Is Vladimir V. Putin trying to meddle in the American presidential election?

US officials said the suspected Russian hack of the Democratic National Committee last month was part of Russian cyber attacks aimed at political organizations and academic think tanks in Washington.

Until Friday, the Russians being behind the hack were only whispered but the release of some 20,000 stolen emails from DNC’s computer servers has intensified discussion of the role of Russian intelligence agencies in disrupting the 2016 campaign.

That hack dominated the news space on the eve of the Democratic convention. The emails disclosed by WikiLeaks show DNC chairwoman, Debbie Wasserman Schultz, plotting to undermine the campaign of Senator Bernie Sanders, confirming the worst suspicions of the left flank of the party. She resigned from her post after the revelation on Sunday.

The FBI is investigating the DNC hack and has sent experts to meet with the Republican National Committee, as well as the major campaigns, to discuss their security measures. The bureau has been working with political organizations and think tanks to put more resources into the security of DNC’s computer networks.

“The software code seen from the hack had all the telltale signs of being Russian, including code re-used from attacks,” said Bob Gourley, a former chief technology officer for the Defense Intelligence Agency and now the co-founder and partner Cognitio, a cyber security consultancy.

When the hack of the DNC was first disclosed in June, the security firm Crowdstrike also pointed to the Russians. Crowdstrike investigated the incident for the Democratic party and concluded it was the same actor that penetrated the State Department, White House and Pentagon unclassified systems in 2015.

Trump told The New York Times in an interview last week that if he's elected the US President, he wouldn't defend NATO allies against Russian aggression if they haven't "fulfilled their obligation to us." Until Trump, no Republican presidential nominee has questioned the U.S. mutual-defense commitment enshrined in NATO.

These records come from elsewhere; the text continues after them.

(* Let $n>1$ be an integer and $S=S_1\cup S_2\subseteq U_{6n}$ with $S_1=\{a^{2r}b,\ a^{2r}b^2\mid 1\le r\le n-1\}$ and $S_2=\{a^{2r+1}b\mid 0\le r\le n-1\}$. Then $\mathrm{Cay}(U_{6n},S)$ is a connected integral graph whose spectrum (eigenvalues with multiplicities) is $\{[1-2n]^2,[-2]^{2n-2},[1]^{4n-2},[n-2]^1,[3n-2]^1\}$.
   Context: For an integer $n\ge1$, $U_{6n}=\langle a,b\mid a^{2n}=b^3=1,\ a^{-1}ba=b^{-1}\rangle$, a group of order $6n$. For a group $G$ and $S\subseteq G$ with $1\notin S=S^{-1}$, the Cayley graph $\mathrm{Cay}(G,S)$ has vertex set $G$ and edges $\{g,sg\}$ for $g\in G,s\in S$. A graph is integral if all eigenvalues of its adjacency matrix are integers. $[\lambda]^m$ denotes eigenvalue $\lambda$ with multiplicity $m$. *)

From mathcomp Require Import all_boot all_order all_algebra all_fingroup all_field.
Set Implicit Arguments. Unset Strict Implicit. Unset Printing Implicit Defensive.
Import GRing.Theory Num.Theory.
Local Open Scope ring_scope.

Definition cay_adj (gT : finGroupType) (S : {set gT}) : rel gT :=
  fun g h => ((h * g^-1)%g \in S).

Definition cay_mx (gT : finGroupType) (S : {set gT}) : 'M[int]_#|gT| :=
  \matrix_(i < #|gT|, j < #|gT|)
     (cay_adj S (@enum_val gT predT i) (@enum_val gT predT j))%:R.

Definition cay_connected (gT : finGroupType) (S : {set gT}) : Prop :=
  forall g h : gT, connect (cay_adj S) g h.

Definition integral_mx m (A : 'M[int]_m) : Prop :=
  forall l : algC, eigenvalue (map_mx intr A) l -> l \in Num.int.

Definition S1 (gT : finGroupType) (a b : gT) (n : nat) : {set gT} :=
  [set (a ^+ (2 * r) * b)%g | r : 'I_n & (1 <= r)%N]
  :|: [set (a ^+ (2 * r) * b ^+ 2)%g | r : 'I_n & (1 <= r)%N].

Definition S2 (gT : finGroupType) (a b : gT) (n : nat) : {set gT} :=
  [set (a ^+ (2 * r).+1 * b)%g | r : 'I_n].

From mathcomp Require Import all_boot all_order all_algebra all_fingroup all_field.
From mathcomp Require Import zify ring.
Import GRing.Theory Num.Theory.
Set Implicit Arguments. Unset Strict Implicit. Unset Printing Implicit Defensive.
Local Open Scope ring_scope.

(* The subgroup <a^2> of U_6n is central and cyclic of order n, with quotient
   S_3; writing every element as a^(2r) times one of six coset representatives
   c, the connection set S consists of the representatives b and b^2 taken with
   every r <> 0, and ab taken with every r.  Hence on a product function
   phi(c) psi(r) the adjacency operator acts by
     (n - 1) (B phi) + n (T phi)   if psi is constant, and
     - (B phi) psi                 if psi has sum zero,
   where B and T are the actions of {b, b^2} and {ab} on the six cosets.
   Tensoring six joint eigenvectors of B and T with an orthogonal basis of
   functions on Z_n (the constant and the Helmert vectors) gives an orthogonal
   integral eigenbasis, from which the characteristic polynomial is read off.
   Connectivity holds because b = (a^2 b)^-1 (a^2 b^2) and a = (ab) b^-1. *)

Lemma char_poly_similar (R : idomainType) k (A D V : 'M[R]_k) :
  \det V != 0 -> A *m V = V *m D -> char_poly A = char_poly D.
Proof.
move=> detV AV.
have AVc : char_poly_mx A *m map_mx polyC V = map_mx polyC V *m char_poly_mx D.
  by rewrite /char_poly_mx mulmxBl mulmxBr -!map_mxM AV scalar_mxC.
have := congr1 determinant AVc; rewrite !det_mulmx det_map_mx => detE.
apply: (@mulIf _ (\det V)%:P); first by rewrite polyC_eq0.
by rewrite /char_poly detE mulrC.
Qed.

Lemma char_poly_orthogonal_eigenbasis (R : idomainType) k (A U : 'M[R]_k)
    (d g : 'rV[R]_k) :
  A *m U = U *m diag_mx d -> U^T *m U = diag_mx g -> (forall i, g 0 i != 0) ->
  char_poly A = \prod_i ('X - (d 0 i)%:P).
Proof.
move=> AU UtU g_neq0.
have detU : \det U != 0.
  have := congr1 determinant UtU; rewrite det_mulmx det_tr det_diag => detUU.
  have : \prod_i g 0 i != 0 by apply/prodf_neq0 => i _.
  by rewrite -detUU mulf_eq0 negb_or => /andP[].
rewrite (char_poly_similar detU AU) char_poly_trig ?diag_mx_is_trig //.
by apply: eq_bigr => i _; rewrite mxE eqxx mulr1n.
Qed.

Lemma integral_mx_split (I : finType) k (A : 'M[int]_k) (d : I -> int) :
  char_poly A = \prod_i ('X - (d i)%:P) -> integral_mx A.
Proof.
move=> cpA l; rewrite eigenvalue_root_char -map_char_poly cpA rmorph_prod.
under eq_bigr do rewrite rmorphB /= map_polyX map_polyC.
rewrite -(big_map (fun i => (d i)%:~R) predT (fun x => 'X - x%:P)).
by rewrite root_prod_XsubC => /mapP[i _ ->]; apply: intr_int.
Qed.

Section CayleyGraph.
Variables (gT : finGroupType) (S : {set gT}).
Local Notation vert := (@enum_val gT predT).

Over the weekend, the Trump and Clinton campaigns traded accusations on the issue.

Trump's son, Donald Trump Jr., denied that his father's campaign had anything to do with encouraging Russians to hack the DNC. The party officials have also denied any involvement in the case.

The question is of who benefits. While Clinton implemented a reset in relations with Russia when she was secretary of state, she has since soured on Moscow. When Russian irregulars invaded Ukraine in 2014, she compared Putin to Hitler.

Whether the thefts were ordered by Putin or just carried out by apparatchiks, who thought they might please him, is just a guess till now. It may take months, or years, to figure out the motives of those who stole the emails and the commanding force behind the actions but the theft from the national committee would be among the most important state-sponsored hacks yet of an American organization, rivaled only by the attacks on the Office of Personnel Management by state-sponsored Chinese hackers, and the attack on Sony Pictures Entertainment, which President Barack Obama blamed on North Korea.